Soylent Green. Blade Runner. Children of Men.
Googling the dates he thinks, I guess I’m living at a time when a bunch of dystopian films take place.
He has kids but decided that tonight after work he needed to eat a burrito by himself on the beach. His wife understood. She knows it can be a tool for thinking, a type of cheap therapy even, devouring a burrito solo on the coast.
All this week the local news had been warning of a big storm, now due to arrive the next day, and the man wanted to spend at least a little time outside before the rains came. Parking at the beach he sees many people standing around and viewing the sunset through their devices, taking pictures and videos.
The man walks away from the crowds. In search of a peaceful spot, he is at one point overtaken by a family of four, each on a Onewheel and all wearing ankle socks with no shoes. The family speeds by him, electric motors humming, and eventually vanishes around a promontory. The man settles on an empty patch of sand. He faces the ocean, unwraps his burrito, and begins to eat.
Reviewing the week he thinks it wasn’t totally dystopian, but it wasn’t great either. He often wishes he had a job that did not require him to be online for so much of the day. He checks the news often and sometimes gets stuck in these kinds of grief loops. You know?
The first time it happened he spent days mourning monarchs and the people who protect them, struggling to articulate to his wife why this story was making it difficult for him to get out of bed. Later there was this video of a former president’s bungling admission of guilt for an unjust war that began over two decades ago. The man had spent subsequent days rewatching this video while thinking back to his younger self, how he eagerly participated in some of the largest protests in the history of the world, aimed at trying to stop the war. After all this time it's still easy to recall those initial feelings of certainty and jubilation, the expectation that the protests would make a difference, and the resulting cynicism that crept in when they didn’t.
It's a delicious burrito. A pretty good sunset. Towards the end of both he’s able to feel present in the moment and not so aware of George W. Bush or even the prospect of ecological collapse.
On the way back to his car the man notices that most of the people who were watching the sunset are now gone. Of those who are left, the majority are looking down at their phones. In the parking lot the man threads his way between a cluster of dark, towering Sprinter vans outfitted for armageddon and facing the beach.
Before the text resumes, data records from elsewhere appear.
Lemma side_b y : side y -> side (b y) = false.
Proof.
have := mem_component y; rewrite -base_component componentE inE /side base_b.
case/orP=> [yc /negP[] // | ay _].
by rewrite (same_fconnect1_r rho_inj) /rho bK ay.
Qed.

End TwoPairings.

Section Conjugacy.
Variable n : nat.
Local Notation T := 'I_(n.*2).
Variables a b a' b' : T -> T.
Hypotheses (aK : involutive a) (bK : involutive b).
Hypotheses (a_neq : forall x, a x != x) (b_neq : forall x, b x != x).
Hypotheses (aK' : involutive a') (bK' : involutive b').
Hypotheses (a'_neq : forall x, a' x != x) (b'_neq : forall x, b' x != x).
Variable h : {set T} -> {set T}.
Hypothesis h_inj : {in comps (pairing a) (pairing b) &, injective h}.
Hypothesis h_comps :
  {in comps (pairing a) (pairing b), forall C, h C \in comps (pairing a') (pairing b')}.
Hypothesis h_card : {in comps (pairing a) (pairing b), forall C, #|h C| = #|C|}.

Definition image_base y := rep (h (component a b y)) y.

Definition conj_map y := at_coord a' b' (image_base y) (side a b y) (pos a b y).

Lemma component_image_base y : component a' b' (image_base y) = h (component a b y).
Proof.
have /imsetP[w _ def_hC] := h_comps (mem_comps a b y).
rewrite /image_base def_hC; apply: (component_eq aK' bK').
exact: rep_in (mem_component a' b' w).
Qed.

Lemma image_base_eq y z : component a b y = component a b z -> image_base y = image_base z.
Proof.
move=> eq_yz; rewrite /image_base eq_yz; apply: rep_indep.
by rewrite -component_image_base; apply: mem_component.
Qed.

Lemma order_image_base y : order (rho a' b') (image_base y) = order (rho a b) (base a b y).
Proof.
apply: double_inj; rewrite -(card_component aK' bK' a'_neq b'_neq) -(card_component aK bK a_neq b_neq).
by rewrite component_image_base h_card ?mem_comps // base_component.
Qed.

Lemma conj_map_a y : conj_map (a y) = a' (conj_map y).
Proof.
rewrite /conj_map (image_base_eq (component_aE aK bK y)).
by have [-> ->] := coord_a aK bK a_neq b_neq y; rewrite /at_coord; case: side; rewrite /= ?aK'.
Qed.

Lemma conj_map_b y : conj_map (b y) = b' (conj_map y).
Proof.
wlog side_y : y / side a b y = false.
  move=> IH; case: (boolP (side a b y)) => [/(side_b aK bK) side_by|/negbTE]; last exact: IH.
  by apply: (canRL bK'); rewrite -IH // bK.
rewrite /conj_map (image_base_eq (component_bE aK bK y)).
have [-> ->] := coord_b aK bK a_neq b_neq side_y; rewrite side_y /at_coord /=.
by rewrite -order_image_base -(iter_mod_order (rho_inj aK' bK')) iterS /rho aK'.
Qed.

Lemma conj_map_inj : injective conj_map.
Proof.
have component_conj_map y : component a' b' (conj_map y) = h (component a b y).
  by rewrite -component_image_base; apply/(component_eq aK' bK')/at_coord_component.
move=> y z eq_yz.
have eq_comp : component a b y = component a b z.
  by apply: h_inj; rewrite ?mem_comps // -!component_conj_map eq_yz.
have lt_pos x : pos a b x < order (rho a' b') (image_base x).
  by rewrite order_image_base (pos_lt aK bK).
move: eq_yz; rewrite /conj_map (image_base_eq eq_comp).
case/(at_coord_inj aK' bK' a'_neq b'_neq _ (lt_pos z)) => [|eq_side eq_pos].
  by rewrite -(image_base_eq eq_comp) lt_pos.
by rewrite (coordK aK bK y) (coordK aK bK z) eq_side eq_pos (base_eq eq_comp).
Qed.

End Conjugacy.

Lemma conj_pairings n (a b a' b' : 'I_(n.*2) -> 'I_(n.*2)) :
  involutive a -> involutive b -> (forall x, a x != x) -> (forall x, b x != x) ->
  involutive a' -> involutive b' -> (forall x, a' x != x) -> (forall x, b' x != x) ->
  dist (pairing a) (pairing b) = dist (pairing a') (pairing b') ->
  exists G : {perm 'I_(n.*2)},
    (forall x, G (a x) = a' (G x)) /\ (forall x, G (b x) = b' (G x)).
Proof.
move=> aK bK a_neq b_neq aK' bK' a'_neq b'_neq /sort_geqP.
case/(match_by_size set0) => h [h_inj h_comps h_card].
exists (perm (conj_map_inj aK bK a_neq b_neq aK' bK' a'_neq b'_neq h_inj h_comps h_card)).
by split=> x; rewrite !permE; [apply: conj_map_a | apply: conj_map_b].
Qed.

Section Relabelling.
Variable T : finType.

Lemma imset_perm_reindex (U : finType) (F : T -> U) (G : {perm T}) :
  [set F x | x : T] = [set F (G x) | x : T].
Proof.
apply/setP=> X; apply/imsetP/imsetP=> -[x _ ->]; last by exists (G x).
by exists ((G^-1)%g x); rewrite ?permKV.
Qed.

Lemma sort_card_imset_perm (G : {perm T}) (P : {set {set T}}) :
  sort geq [seq #|X| | X : {set T} <- enum [set G @: X | X : {set T} in P]] =
  sort geq [seq #|X| | X : {set T} <- enum P].
Proof.
apply/sort_geqP.
have -> : [seq #|X| | X : {set T} <- enum P] =
          [seq #|X| | X : {set T} <- [seq G @: X | X : {set T} <- enum P]].
  by rewrite -map_comp; apply: eq_map => X /=; rewrite card_imset //; apply: perm_inj.
apply: perm_map; apply: uniq_perm; rewrite ?map_inj_uniq ?enum_uniq //.
  exact: imset_inj (@perm_inj _ G).
by move=> X; rewrite mem_enum; apply/imsetP/mapP=> -[Y]; rewrite ?mem_enum => YP ->;
  exists Y; rewrite ?mem_enum.
Qed.

Lemma connect_perm (e e' : rel T) (G : {perm T}) :
  (forall u v, e' (G u) (G v) = e u v) -> forall u v, connect e' (G u) (G v) = connect e u v.
Proof.
have connect_map (e1 e2 : rel T) (G1 : {perm T}) :
    (forall u v, e2 (G1 u) (G1 v) = e1 u v) ->
    forall u v, connect e1 u v -> connect e2 (G1 u) (G1 v).
  move=> eG u v /connectP[p p_path ->]; apply/connectP.
  exists (map G1 p); last by rewrite last_map.
  by elim: p u p_path => //= z p IHp u /andP[uz /IHp->]; rewrite eG uz.
move=> eG u v; apply/idP/idP; last exact: connect_map.
have eGV u1 v1 : e ((G^-1)%g u1) ((G^-1)%g v1) = e' u1 v1 by rewrite -eG !permKV.
by move/(connect_map _ _ _ eGV); rewrite !permK.
Qed.

End Relabelling.

Section RelabellingMatchings.
Variable n : nat.
Local Notation T := 'I_(n.*2).

Lemma mact_pairing (G : {perm T}) (a a' : T -> T) :
  (forall x, G (a x) = a' (G x)) -> mact G (pairing a) = pairing a'.
Proof.
move=> Ga; rewrite /mact /pairing -imset_comp [RHS](imset_perm_reindex _ G).
by apply: eq_imset => x /=; rewrite imsetU1 imset_set1 Ga.
Qed.

Lemma mactM (s t : {perm T}) (A : {set {set T}}) : mact (s * t)%g A = mact t (mact s A).
Proof.
rewrite /mact -imset_comp; apply: eq_imset => X /=.
by rewrite -imset_comp; apply: eq_imset => x; rewrite permM.
Qed.

Lemma mact1 (A : {set {set T}}) : mact 1%g A = A.
Proof. by rewrite /mact -[RHS]imset_id; apply: eq_imset => X; rewrite imset_perm1. Qed.
Lemma Y4_iff_CY4 : Y4 A d hbar xp xm <-> CY4 A d hbar xp xm.
Proof.
split=> [Y4|/CY4_coef CY4 s i j r t].
  apply/CY4_coef => s i j [|r] [|t] /=.
  - by rewrite exchange_coef_a0 // comm0l !comm0r subrr scaler0.
  - by rewrite exchange_coef_a0 // commZl subr0.
  - by rewrite exchange_coef_b0 // commZr sub0r scalerN.
  - by rewrite (exchange_coefSS _ (xsS s i) (xsS s j)) Y4 !subrr !scaler0.
have := CY4 s i j r.+1 t.+1; rewrite (exchange_coefSS _ (xsS s i) (xsS s j)) subrr scaler0.
by move=> /(scalerI_eq0 hbar2_neq0)/eqP; rewrite subr_eq0 => /eqP.
Qed.

Lemma CY5_coef : CY5 hbar xi xp xm <->
  forall i j a b, comm (xs true i a.+1) (xs false j b) - comm (xs true i a) (xs false j b.+1)
    = - ((i == j)%:R * hbar) *:
        ((if b == 0%N then xis i a else 0) - (if a == 0%N then xis i b else 0)).
Proof.
pose L i j e := - ((i == j)%:R * hbar) *:
  (toL (msingle vu (xis i)) e - toL (msingle vv (xis i)) e).
have L0 i j p q : (0 < p) || (0 < q) -> L i j (uvz p q) = 0.
  by move=> pq; rewrite /L !toL_pos // subrr scaler0.
have coefP i j := iff_trans (lmulvar_toL_mcommP _ _ (L i j))
  (exchange_relationP 0 (F := xs true i) (G := xs false j) (@comm0l _) erefl (L0 i j)).
split=> [rel i j a b|coef i j].
  by rewrite -exchange_coef_c0 (proj1 (coefP i j) (rel i j)) /L !toL_neg msingle_u msingle_v.
by apply/coefP => a b; rewrite exchange_coef_c0 coef /L !toL_neg msingle_u msingle_v.
Qed.

Lemma Y5_iff_CY5 : Y5 xi xp xm <-> CY5 hbar xi xp xm.
Proof.
have natZ (k : nat) (y : B) : k%:R * y = k%:R *: y by rewrite mulr_natl scaler_nat.
split=> [Y5|/CY5_coef CY5 i j r].
  apply/CY5_coef => i j [|r] [|t] /=.
  - by rewrite comm0l comm0r !subrr scaler0.
  - rewrite comm0l subr0 sub0r commZZ Y5 natZ add0n scalerN scaleNr opprK !scalerA.
    by congr (_ *: _); ring.
  - rewrite comm0r sub0r subr0 commZZ Y5 natZ addn0 !scalerA -scaleNr.
    by congr (_ *: _); ring.
  - by rewrite !commZZ !Y5 addnS addSn !subrr scaler0.
elim: r => [|r IHr] t.
  apply: (scalerI hbar2_neq0); have := CY5 i j 0%N t.+1.
  rewrite /= comm0l subr0 sub0r commZZ => ->; rewrite natZ scalerN scaleNr opprK !scalerA.
  by congr (_ *: _); ring.
have := CY5 i j r.+1 t.+1; rewrite /= !commZZ subrr scaler0 -scalerBr.
by move=> /(scalerI_eq0 hbar2_neq0)/eqP; rewrite subr_eq0 => /eqP ->; rewrite IHr addnS.
Qed.

Lemma nest_xsS s i j (m : nat) (p : 'S_m) (r : 'I_m -> nat) t :
  nest [seq xs s i (r (p k)).+1 | k <- enum 'I_m] (xs s j t.+1)
  = hbar ^+ m.+1 *: nest [seq x s i (r (p k)) | k <- enum 'I_m] (x s j t).
Proof.
transitivity (nest [seq hbar *: y | y <- [seq x s i (r (p k)) | k <- enum 'I_m]]
                   (hbar *: x s j t)); first by congr nest; rewrite -[in RHS]map_comp.
by rewrite nestZ size_map size_enum_ord.
Qed.

Lemma Y6_iff_CY6 : Y6 A xp xm <-> CY6 A hbar xp xm.
Proof.
split=> [Y6 s i j ij e|CY6 s i j ij r t]; set m := `|1 - A i j|%N;
  set w := widen_ord (leqnSn m).
  under eq_bigr do rewrite mnest_msingle_perm -/w.
  have [/andP[/forallP epos emax]|] := boolP [&& [forall k, e (w k) != 0%N] & e ord_max != 0%N].
    pose r k := (e (w k)).-1; pose t := (e ord_max).-1.
    have eS k : e (w k) = (r k).+1 by rewrite prednK // lt0n epos.
    have emaxS : e ord_max = t.+1 by rewrite prednK // lt0n.
    under eq_bigr do rewrite (eq_map (fun k => congr1 (xs s i) (eS (_ k)))) emaxS nest_xsS.
    by rewrite -scaler_sumr Y6 // scaler0.
  case/nandP=> [/forallPn[k /negPn/eqP ek]|/negPn/eqP emax]; apply: big1 => p _.
    by apply: nest_mem0; apply/mapP; exists (p^-1 k)%g; rewrite ?mem_enum ?permKV ?ek.
  by rewrite emax nest0.
pose e : {ffun 'I_m.+1 -> nat} :=
  [ffun l => if (insub (val l) : option 'I_m) is Some k then (r k).+1 else t.+1].
have ew k : e (w k) = (r k).+1 by rewrite ffunE /= (valK k).
have emax : e ord_max = t.+1 by rewrite ffunE insubN // ltnn.
have := CY6 s i j ij e; under eq_bigr do rewrite mnest_msingle_perm -/w.
under eq_bigr do rewrite (eq_map (fun k => congr1 (xs s i) (ew (_ k)))) emax nest_xsS.
by rewrite -scaler_sumr => /(scalerI_eq0 (expf_neq0 _ hbar0)).
Qed.

End Relations.

Theorem proposition2p3 (K : fieldType) (B : algType K) (hT : vectType K) (n : nat)
    (A : 'I_n -> 'I_n -> int) (d : 'I_n -> nat)
    (alpha : 'I_n -> {linear hT -> K^o}) (alphav : 'I_n -> hT)
    (iota : {linear hT -> B}) (hbar : K) (xi xp xm : 'I_n -> nat -> B) :
  [pchar K] =i pred0 ->
  GCM A -> symmetrising A d -> realization A alpha alphav ->
  injective iota -> hbar != 0 ->
  (forall i, xi i 0%N = (d i)%:R *: iota (alphav i)) ->
  [/\ Y1 iota xi <-> CY1 iota hbar xi,
      Y2 alpha iota xp xm /\ Y3 A d hbar xi xp xm <->
        CY2 alpha iota hbar xp xm /\ CY3 A d hbar xi xp xm,
      Y4 A d hbar xp xm <-> CY4 A d hbar xp xm,
      Y5 xi xp xm <-> CY5 hbar xi xp xm
    & Y6 A xp xm <-> CY6 A hbar xp xm].
Proof.
(* Only the pairing alpha_j(alpha_i^vee) = a_ij of the Cartan data is used. *)
move=> char0 _ _ [alpha_alphav _ _ _] _ hbar0 xi0.
have two_neq0 : (2 : K) != 0 by rewrite (proj1 (pcharf0P K) char0).
split.
- exact: Y1_iff_CY1.
- exact: Y23_iff_CY23 alpha_alphav xi0 two_neq0.
- exact: Y4_iff_CY4.
- exact: Y5_iff_CY5.
- exact: Y6_iff_CY6.
Qed.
As he passes through the canyons created by these vehicles, he looks up at their tinted windows and with one hand renders a simple thumbs down; the impulse, as well as the resulting gesture, feels vague, almost meaningless, and yet somehow life affirming. He smiles.
Driving home the man half-listens to an in-depth news story about how Taco Bell successfully brought back the Mexican pizza. He wonders how his kids are doing. He wonders who abandoned the latest couch in his neighborhood; for some reason, they always appear on this one particular corner.
I mean really, who knows what tomorrow’s headlines will say? Strange to find solace in what a storm might give or take away.